Saved data entries:
--------------------

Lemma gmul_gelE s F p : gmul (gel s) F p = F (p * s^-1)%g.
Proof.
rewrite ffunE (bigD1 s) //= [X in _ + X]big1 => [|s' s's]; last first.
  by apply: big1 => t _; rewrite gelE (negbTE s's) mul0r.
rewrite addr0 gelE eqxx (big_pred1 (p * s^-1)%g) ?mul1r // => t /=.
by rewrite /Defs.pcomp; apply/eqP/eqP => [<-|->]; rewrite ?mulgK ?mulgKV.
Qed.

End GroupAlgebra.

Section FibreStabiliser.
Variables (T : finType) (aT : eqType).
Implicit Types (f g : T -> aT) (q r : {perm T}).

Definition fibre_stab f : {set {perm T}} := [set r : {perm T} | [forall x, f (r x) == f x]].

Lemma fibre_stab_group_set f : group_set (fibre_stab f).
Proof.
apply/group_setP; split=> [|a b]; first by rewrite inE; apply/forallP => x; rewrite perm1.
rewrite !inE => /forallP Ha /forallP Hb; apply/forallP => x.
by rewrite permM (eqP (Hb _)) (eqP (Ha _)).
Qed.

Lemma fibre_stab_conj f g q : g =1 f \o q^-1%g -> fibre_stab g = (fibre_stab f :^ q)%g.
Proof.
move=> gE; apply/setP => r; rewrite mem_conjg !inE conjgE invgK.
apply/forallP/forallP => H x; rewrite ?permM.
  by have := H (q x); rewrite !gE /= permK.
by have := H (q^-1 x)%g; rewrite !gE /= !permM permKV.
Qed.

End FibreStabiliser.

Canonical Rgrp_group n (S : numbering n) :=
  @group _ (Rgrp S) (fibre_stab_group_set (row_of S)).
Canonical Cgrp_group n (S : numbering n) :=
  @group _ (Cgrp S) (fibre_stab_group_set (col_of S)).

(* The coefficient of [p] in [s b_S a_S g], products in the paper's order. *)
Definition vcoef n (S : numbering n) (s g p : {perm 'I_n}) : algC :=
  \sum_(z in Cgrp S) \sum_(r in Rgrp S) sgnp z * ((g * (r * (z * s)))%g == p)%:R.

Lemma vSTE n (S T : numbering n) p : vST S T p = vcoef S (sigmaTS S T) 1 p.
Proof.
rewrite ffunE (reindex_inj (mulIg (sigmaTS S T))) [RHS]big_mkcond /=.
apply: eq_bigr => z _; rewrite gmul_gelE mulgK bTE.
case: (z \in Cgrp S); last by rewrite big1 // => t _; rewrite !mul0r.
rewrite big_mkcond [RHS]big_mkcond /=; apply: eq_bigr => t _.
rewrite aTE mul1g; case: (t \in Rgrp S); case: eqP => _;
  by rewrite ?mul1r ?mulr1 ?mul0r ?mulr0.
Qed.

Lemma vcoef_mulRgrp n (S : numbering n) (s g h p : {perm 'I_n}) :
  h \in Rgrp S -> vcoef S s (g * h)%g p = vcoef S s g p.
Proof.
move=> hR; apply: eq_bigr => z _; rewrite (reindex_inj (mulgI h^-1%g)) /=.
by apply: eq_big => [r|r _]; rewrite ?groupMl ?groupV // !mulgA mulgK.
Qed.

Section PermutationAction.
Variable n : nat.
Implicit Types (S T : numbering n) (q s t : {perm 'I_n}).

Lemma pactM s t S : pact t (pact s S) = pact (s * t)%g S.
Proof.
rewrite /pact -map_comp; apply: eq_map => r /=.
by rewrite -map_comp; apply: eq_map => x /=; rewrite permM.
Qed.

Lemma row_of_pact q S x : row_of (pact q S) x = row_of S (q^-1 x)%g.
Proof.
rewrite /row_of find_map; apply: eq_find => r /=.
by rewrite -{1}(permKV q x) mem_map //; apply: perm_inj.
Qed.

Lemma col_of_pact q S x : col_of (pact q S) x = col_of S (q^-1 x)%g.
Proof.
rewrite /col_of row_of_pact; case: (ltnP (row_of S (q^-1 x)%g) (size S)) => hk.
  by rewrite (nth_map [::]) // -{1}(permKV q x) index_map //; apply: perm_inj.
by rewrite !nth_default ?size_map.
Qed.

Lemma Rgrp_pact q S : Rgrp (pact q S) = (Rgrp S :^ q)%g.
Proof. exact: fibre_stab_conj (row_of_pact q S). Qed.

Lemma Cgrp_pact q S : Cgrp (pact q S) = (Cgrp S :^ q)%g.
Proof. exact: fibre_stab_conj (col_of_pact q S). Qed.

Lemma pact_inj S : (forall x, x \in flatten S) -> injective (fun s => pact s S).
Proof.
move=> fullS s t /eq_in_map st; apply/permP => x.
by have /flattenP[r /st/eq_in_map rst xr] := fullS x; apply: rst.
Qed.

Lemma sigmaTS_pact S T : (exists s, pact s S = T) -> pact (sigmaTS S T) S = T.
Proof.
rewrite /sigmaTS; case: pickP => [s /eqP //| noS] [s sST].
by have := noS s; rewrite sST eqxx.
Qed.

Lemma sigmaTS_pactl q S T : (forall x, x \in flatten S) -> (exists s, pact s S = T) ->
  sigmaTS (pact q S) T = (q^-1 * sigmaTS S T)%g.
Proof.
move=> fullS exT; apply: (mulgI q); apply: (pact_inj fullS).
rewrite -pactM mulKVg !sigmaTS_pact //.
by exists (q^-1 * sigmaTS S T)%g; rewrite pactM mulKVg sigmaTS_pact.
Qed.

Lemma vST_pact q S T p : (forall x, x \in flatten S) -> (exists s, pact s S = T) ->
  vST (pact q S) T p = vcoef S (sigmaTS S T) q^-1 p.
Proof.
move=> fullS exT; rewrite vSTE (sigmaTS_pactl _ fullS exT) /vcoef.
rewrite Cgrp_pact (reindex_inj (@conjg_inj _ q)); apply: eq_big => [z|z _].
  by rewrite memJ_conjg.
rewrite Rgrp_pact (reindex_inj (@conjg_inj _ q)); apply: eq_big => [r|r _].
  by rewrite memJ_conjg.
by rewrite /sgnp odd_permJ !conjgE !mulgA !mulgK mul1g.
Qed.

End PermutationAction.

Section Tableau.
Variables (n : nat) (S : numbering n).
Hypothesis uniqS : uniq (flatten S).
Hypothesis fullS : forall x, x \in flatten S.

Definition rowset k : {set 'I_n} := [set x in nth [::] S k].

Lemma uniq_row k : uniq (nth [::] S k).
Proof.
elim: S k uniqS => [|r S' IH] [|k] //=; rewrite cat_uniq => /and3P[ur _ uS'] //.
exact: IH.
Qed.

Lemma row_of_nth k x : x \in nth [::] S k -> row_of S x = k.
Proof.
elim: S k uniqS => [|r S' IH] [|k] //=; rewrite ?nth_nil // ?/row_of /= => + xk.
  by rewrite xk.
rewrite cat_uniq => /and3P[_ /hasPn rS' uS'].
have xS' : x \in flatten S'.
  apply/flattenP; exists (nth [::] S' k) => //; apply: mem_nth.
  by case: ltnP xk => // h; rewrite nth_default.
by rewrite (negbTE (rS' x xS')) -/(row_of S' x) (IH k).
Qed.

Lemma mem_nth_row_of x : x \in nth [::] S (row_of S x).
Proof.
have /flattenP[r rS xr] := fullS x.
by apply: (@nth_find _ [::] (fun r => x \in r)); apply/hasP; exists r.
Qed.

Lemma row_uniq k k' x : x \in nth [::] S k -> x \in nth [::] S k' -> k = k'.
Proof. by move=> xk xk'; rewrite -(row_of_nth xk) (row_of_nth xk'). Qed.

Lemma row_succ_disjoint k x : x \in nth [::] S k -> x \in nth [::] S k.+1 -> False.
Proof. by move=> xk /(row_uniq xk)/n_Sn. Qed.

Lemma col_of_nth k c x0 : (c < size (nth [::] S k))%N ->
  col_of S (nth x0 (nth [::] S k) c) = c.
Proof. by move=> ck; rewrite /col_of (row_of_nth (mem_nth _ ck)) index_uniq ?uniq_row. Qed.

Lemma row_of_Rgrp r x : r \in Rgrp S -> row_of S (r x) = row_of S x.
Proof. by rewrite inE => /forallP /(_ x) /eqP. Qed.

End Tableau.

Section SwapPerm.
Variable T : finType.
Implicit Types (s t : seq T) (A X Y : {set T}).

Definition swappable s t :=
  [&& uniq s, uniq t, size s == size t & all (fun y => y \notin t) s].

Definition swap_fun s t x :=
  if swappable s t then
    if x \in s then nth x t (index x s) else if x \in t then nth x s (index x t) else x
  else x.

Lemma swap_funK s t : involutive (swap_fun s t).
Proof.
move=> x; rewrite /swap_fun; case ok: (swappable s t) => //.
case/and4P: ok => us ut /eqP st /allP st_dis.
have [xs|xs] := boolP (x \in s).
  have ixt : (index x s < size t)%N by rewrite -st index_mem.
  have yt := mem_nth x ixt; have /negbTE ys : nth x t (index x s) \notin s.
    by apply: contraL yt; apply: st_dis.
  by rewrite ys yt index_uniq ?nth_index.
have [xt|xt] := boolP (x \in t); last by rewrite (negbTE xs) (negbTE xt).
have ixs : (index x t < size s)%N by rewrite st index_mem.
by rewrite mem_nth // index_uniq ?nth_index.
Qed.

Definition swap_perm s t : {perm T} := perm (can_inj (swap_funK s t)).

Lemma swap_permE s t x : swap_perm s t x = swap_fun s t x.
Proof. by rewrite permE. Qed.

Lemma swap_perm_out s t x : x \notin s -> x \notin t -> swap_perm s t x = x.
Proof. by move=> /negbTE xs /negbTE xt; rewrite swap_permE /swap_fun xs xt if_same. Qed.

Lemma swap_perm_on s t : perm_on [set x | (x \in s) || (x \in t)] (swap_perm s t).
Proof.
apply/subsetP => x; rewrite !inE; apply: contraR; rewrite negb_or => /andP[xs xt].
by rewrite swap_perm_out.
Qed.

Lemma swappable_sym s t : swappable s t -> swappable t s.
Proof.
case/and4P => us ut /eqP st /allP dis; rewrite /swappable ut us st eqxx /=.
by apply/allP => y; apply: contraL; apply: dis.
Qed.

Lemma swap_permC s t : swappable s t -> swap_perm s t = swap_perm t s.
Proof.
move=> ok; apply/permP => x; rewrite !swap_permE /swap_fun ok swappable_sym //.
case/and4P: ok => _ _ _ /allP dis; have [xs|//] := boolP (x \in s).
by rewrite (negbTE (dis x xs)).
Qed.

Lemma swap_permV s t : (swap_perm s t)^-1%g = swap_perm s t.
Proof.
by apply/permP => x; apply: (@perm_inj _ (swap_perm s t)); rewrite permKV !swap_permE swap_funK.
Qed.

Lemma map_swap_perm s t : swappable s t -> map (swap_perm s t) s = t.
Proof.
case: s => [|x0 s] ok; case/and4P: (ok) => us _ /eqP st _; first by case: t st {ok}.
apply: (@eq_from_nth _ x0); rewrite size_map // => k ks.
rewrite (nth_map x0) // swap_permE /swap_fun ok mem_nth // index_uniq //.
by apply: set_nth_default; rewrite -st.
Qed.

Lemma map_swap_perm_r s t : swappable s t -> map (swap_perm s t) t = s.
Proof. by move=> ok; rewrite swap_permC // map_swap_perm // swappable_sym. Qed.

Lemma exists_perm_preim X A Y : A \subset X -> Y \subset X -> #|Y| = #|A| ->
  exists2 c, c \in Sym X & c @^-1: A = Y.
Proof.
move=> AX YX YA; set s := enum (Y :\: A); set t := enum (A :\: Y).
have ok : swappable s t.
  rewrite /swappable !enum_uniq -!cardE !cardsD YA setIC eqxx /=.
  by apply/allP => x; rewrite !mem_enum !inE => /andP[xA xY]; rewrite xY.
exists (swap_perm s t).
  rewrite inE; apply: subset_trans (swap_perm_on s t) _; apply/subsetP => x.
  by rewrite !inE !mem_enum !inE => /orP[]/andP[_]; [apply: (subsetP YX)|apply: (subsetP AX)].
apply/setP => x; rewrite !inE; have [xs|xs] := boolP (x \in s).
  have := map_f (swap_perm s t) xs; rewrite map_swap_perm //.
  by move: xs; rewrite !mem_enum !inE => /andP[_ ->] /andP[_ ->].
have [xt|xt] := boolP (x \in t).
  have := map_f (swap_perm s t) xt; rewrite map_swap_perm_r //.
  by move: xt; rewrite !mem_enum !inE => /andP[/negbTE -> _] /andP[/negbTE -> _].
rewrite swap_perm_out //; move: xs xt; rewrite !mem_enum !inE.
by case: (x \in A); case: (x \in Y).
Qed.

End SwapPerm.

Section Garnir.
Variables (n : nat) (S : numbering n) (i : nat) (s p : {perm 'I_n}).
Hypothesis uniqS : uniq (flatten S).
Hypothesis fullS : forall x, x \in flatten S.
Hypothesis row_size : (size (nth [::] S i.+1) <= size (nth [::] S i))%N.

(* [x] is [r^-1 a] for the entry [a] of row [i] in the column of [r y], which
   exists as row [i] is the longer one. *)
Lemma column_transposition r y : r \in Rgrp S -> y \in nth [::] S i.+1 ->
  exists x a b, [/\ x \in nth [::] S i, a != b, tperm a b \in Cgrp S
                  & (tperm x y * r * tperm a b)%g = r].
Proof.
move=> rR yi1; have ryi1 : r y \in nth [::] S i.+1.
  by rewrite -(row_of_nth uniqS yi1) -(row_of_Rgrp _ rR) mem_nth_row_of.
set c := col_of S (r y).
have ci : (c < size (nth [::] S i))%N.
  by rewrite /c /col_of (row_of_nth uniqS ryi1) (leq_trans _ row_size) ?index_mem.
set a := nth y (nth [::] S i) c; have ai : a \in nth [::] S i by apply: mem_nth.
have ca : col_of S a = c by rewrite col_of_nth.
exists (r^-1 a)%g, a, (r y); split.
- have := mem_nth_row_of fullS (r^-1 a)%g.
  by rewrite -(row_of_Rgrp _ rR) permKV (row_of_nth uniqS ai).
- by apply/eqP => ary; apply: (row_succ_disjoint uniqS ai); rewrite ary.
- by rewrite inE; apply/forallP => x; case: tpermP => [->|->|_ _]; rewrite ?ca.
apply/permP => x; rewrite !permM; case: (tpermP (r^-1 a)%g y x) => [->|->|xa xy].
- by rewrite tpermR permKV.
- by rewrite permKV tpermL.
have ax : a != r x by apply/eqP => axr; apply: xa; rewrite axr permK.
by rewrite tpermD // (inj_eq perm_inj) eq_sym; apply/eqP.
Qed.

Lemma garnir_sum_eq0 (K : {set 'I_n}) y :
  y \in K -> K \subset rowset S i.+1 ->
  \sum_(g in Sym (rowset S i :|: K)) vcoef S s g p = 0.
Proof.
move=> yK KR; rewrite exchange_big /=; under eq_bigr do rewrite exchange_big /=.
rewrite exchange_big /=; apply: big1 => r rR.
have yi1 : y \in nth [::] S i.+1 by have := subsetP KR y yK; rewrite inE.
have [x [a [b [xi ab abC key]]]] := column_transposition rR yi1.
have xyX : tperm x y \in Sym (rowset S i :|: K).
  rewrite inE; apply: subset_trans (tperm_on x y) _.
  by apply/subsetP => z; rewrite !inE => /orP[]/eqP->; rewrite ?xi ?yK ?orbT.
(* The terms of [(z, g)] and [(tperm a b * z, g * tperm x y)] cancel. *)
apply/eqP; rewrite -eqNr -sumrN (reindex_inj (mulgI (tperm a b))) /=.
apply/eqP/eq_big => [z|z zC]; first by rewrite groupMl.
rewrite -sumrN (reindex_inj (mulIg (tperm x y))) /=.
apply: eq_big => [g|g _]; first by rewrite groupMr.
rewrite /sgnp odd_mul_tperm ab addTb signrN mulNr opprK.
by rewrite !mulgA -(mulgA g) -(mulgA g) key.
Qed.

--------------------

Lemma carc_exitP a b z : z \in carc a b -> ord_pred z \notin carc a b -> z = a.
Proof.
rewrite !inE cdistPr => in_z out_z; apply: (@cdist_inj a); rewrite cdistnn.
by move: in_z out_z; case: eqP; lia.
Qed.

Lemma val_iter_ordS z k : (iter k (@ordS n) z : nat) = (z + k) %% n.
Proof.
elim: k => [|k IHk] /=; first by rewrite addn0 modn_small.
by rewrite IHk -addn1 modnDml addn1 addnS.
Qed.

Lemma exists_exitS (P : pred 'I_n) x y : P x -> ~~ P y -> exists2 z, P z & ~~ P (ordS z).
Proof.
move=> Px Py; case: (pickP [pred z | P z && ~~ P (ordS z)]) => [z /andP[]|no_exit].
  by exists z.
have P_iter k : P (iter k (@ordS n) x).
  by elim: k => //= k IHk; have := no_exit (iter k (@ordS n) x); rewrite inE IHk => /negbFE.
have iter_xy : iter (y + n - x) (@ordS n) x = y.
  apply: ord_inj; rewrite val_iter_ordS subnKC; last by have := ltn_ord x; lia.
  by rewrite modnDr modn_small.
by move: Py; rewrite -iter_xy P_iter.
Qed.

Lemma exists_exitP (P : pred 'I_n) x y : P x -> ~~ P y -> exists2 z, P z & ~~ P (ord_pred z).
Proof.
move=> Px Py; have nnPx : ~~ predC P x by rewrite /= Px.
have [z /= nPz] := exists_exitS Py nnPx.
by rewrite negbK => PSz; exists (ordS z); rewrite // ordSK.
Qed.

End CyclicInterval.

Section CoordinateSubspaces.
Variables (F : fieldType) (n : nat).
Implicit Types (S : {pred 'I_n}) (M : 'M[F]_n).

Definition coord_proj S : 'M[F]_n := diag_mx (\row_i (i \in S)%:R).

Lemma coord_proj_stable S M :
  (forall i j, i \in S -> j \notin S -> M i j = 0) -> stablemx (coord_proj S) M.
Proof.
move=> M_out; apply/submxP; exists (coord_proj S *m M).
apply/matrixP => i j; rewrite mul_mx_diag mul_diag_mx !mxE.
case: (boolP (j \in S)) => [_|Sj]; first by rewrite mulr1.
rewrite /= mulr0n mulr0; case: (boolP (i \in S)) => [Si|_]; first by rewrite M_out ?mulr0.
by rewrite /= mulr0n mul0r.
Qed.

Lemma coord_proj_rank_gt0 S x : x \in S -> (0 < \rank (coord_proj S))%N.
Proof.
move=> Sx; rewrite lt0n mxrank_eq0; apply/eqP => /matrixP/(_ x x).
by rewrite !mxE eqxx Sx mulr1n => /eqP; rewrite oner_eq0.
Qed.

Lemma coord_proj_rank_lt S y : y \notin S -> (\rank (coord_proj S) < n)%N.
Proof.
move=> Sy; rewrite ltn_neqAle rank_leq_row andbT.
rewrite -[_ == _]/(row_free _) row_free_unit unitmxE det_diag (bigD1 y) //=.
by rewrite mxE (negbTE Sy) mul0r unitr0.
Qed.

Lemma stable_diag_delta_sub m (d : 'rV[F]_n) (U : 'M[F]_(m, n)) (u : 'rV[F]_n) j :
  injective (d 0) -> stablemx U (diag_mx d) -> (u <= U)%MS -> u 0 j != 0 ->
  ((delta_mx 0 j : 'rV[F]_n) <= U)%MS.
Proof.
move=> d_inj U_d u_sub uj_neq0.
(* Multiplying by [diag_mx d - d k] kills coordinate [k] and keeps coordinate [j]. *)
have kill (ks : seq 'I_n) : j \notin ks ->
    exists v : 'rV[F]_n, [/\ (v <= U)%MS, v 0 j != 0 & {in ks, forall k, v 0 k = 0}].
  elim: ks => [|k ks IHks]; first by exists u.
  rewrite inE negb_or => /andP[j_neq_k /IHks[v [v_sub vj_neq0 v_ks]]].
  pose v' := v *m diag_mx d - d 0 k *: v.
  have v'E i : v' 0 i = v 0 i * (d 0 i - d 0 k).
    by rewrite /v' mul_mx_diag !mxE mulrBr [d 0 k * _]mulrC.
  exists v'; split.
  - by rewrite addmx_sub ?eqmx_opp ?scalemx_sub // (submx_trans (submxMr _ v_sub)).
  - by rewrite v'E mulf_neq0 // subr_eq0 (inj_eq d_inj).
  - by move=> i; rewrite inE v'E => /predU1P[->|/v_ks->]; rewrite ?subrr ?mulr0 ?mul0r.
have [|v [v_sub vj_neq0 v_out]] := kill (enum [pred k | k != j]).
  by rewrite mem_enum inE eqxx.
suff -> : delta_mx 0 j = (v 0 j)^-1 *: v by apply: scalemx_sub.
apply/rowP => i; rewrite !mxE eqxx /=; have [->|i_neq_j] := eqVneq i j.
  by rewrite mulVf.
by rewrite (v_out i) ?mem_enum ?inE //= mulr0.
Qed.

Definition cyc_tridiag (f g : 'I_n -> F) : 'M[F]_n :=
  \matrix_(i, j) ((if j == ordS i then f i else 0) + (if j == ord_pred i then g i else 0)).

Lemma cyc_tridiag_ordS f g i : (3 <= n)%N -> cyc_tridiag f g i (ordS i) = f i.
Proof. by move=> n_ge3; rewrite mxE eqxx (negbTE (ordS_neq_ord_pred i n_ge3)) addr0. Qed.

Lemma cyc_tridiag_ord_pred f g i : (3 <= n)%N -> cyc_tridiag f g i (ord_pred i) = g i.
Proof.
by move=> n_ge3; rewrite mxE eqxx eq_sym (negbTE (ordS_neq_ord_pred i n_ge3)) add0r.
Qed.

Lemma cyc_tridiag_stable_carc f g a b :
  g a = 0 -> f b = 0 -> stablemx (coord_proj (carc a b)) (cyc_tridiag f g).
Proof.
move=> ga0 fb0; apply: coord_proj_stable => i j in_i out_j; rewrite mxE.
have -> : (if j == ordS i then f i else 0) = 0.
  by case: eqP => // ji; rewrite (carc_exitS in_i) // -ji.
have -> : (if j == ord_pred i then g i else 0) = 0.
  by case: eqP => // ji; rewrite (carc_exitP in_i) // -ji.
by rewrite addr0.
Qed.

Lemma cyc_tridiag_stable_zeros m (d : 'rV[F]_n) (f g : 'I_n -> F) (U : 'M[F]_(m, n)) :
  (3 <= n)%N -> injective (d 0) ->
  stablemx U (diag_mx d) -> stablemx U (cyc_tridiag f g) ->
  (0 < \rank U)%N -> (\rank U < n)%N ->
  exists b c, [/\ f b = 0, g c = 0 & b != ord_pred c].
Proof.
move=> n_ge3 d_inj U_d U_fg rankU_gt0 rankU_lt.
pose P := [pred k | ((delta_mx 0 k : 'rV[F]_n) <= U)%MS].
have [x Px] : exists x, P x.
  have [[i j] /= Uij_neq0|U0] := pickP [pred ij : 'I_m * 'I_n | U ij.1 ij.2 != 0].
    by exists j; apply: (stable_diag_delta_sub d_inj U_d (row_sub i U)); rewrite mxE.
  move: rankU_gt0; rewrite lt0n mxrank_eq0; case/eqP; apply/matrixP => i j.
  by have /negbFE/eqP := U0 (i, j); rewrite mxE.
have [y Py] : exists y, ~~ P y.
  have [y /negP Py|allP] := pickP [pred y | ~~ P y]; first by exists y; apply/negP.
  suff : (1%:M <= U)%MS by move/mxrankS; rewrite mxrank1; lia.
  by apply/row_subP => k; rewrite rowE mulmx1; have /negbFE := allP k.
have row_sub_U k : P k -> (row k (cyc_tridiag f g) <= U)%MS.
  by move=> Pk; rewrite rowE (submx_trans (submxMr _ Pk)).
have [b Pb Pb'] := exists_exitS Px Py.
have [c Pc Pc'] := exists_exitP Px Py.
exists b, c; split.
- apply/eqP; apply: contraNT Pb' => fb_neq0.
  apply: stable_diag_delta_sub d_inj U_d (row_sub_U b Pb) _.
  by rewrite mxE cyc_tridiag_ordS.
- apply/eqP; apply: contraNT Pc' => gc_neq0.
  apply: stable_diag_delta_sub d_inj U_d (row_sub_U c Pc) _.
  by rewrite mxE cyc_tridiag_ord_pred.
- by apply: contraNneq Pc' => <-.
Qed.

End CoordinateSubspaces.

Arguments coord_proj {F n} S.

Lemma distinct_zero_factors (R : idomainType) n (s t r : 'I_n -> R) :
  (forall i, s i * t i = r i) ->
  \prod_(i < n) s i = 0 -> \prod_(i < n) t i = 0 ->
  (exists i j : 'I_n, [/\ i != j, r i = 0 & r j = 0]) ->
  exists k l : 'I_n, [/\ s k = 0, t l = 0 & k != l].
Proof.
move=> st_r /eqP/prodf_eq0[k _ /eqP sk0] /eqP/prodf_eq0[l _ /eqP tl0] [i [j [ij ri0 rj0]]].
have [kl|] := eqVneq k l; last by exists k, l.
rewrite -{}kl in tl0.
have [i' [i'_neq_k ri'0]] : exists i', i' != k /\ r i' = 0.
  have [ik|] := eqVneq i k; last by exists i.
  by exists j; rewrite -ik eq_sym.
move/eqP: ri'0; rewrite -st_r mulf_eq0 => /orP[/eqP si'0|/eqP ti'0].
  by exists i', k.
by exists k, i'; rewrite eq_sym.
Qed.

--------------------

The task >> Please give again the lines above between the line holding "set a := nth" and the line holding "- by rewrite inE;", inclusive, exactly as they are and with nothing added.

Solution to the exercise >>
set a := nth y (nth [::] S i) c; have ai : a \in nth [::] S i by apply: mem_nth.
have ca : col_of S a = c by rewrite col_of_nth.
exists (r^-1 a)%g, a, (r y); split.
- have := mem_nth_row_of fullS (r^-1 a)%g.
  by rewrite -(row_of_Rgrp _ rR) permKV (row_of_nth uniqS ai).
- by apply/eqP => ary; apply: (row_succ_disjoint uniqS ai); rewrite ary.
- by rewrite inE; apply/forallP => x; case: tpermP => [->|->|_ _]; rewrite ?ca.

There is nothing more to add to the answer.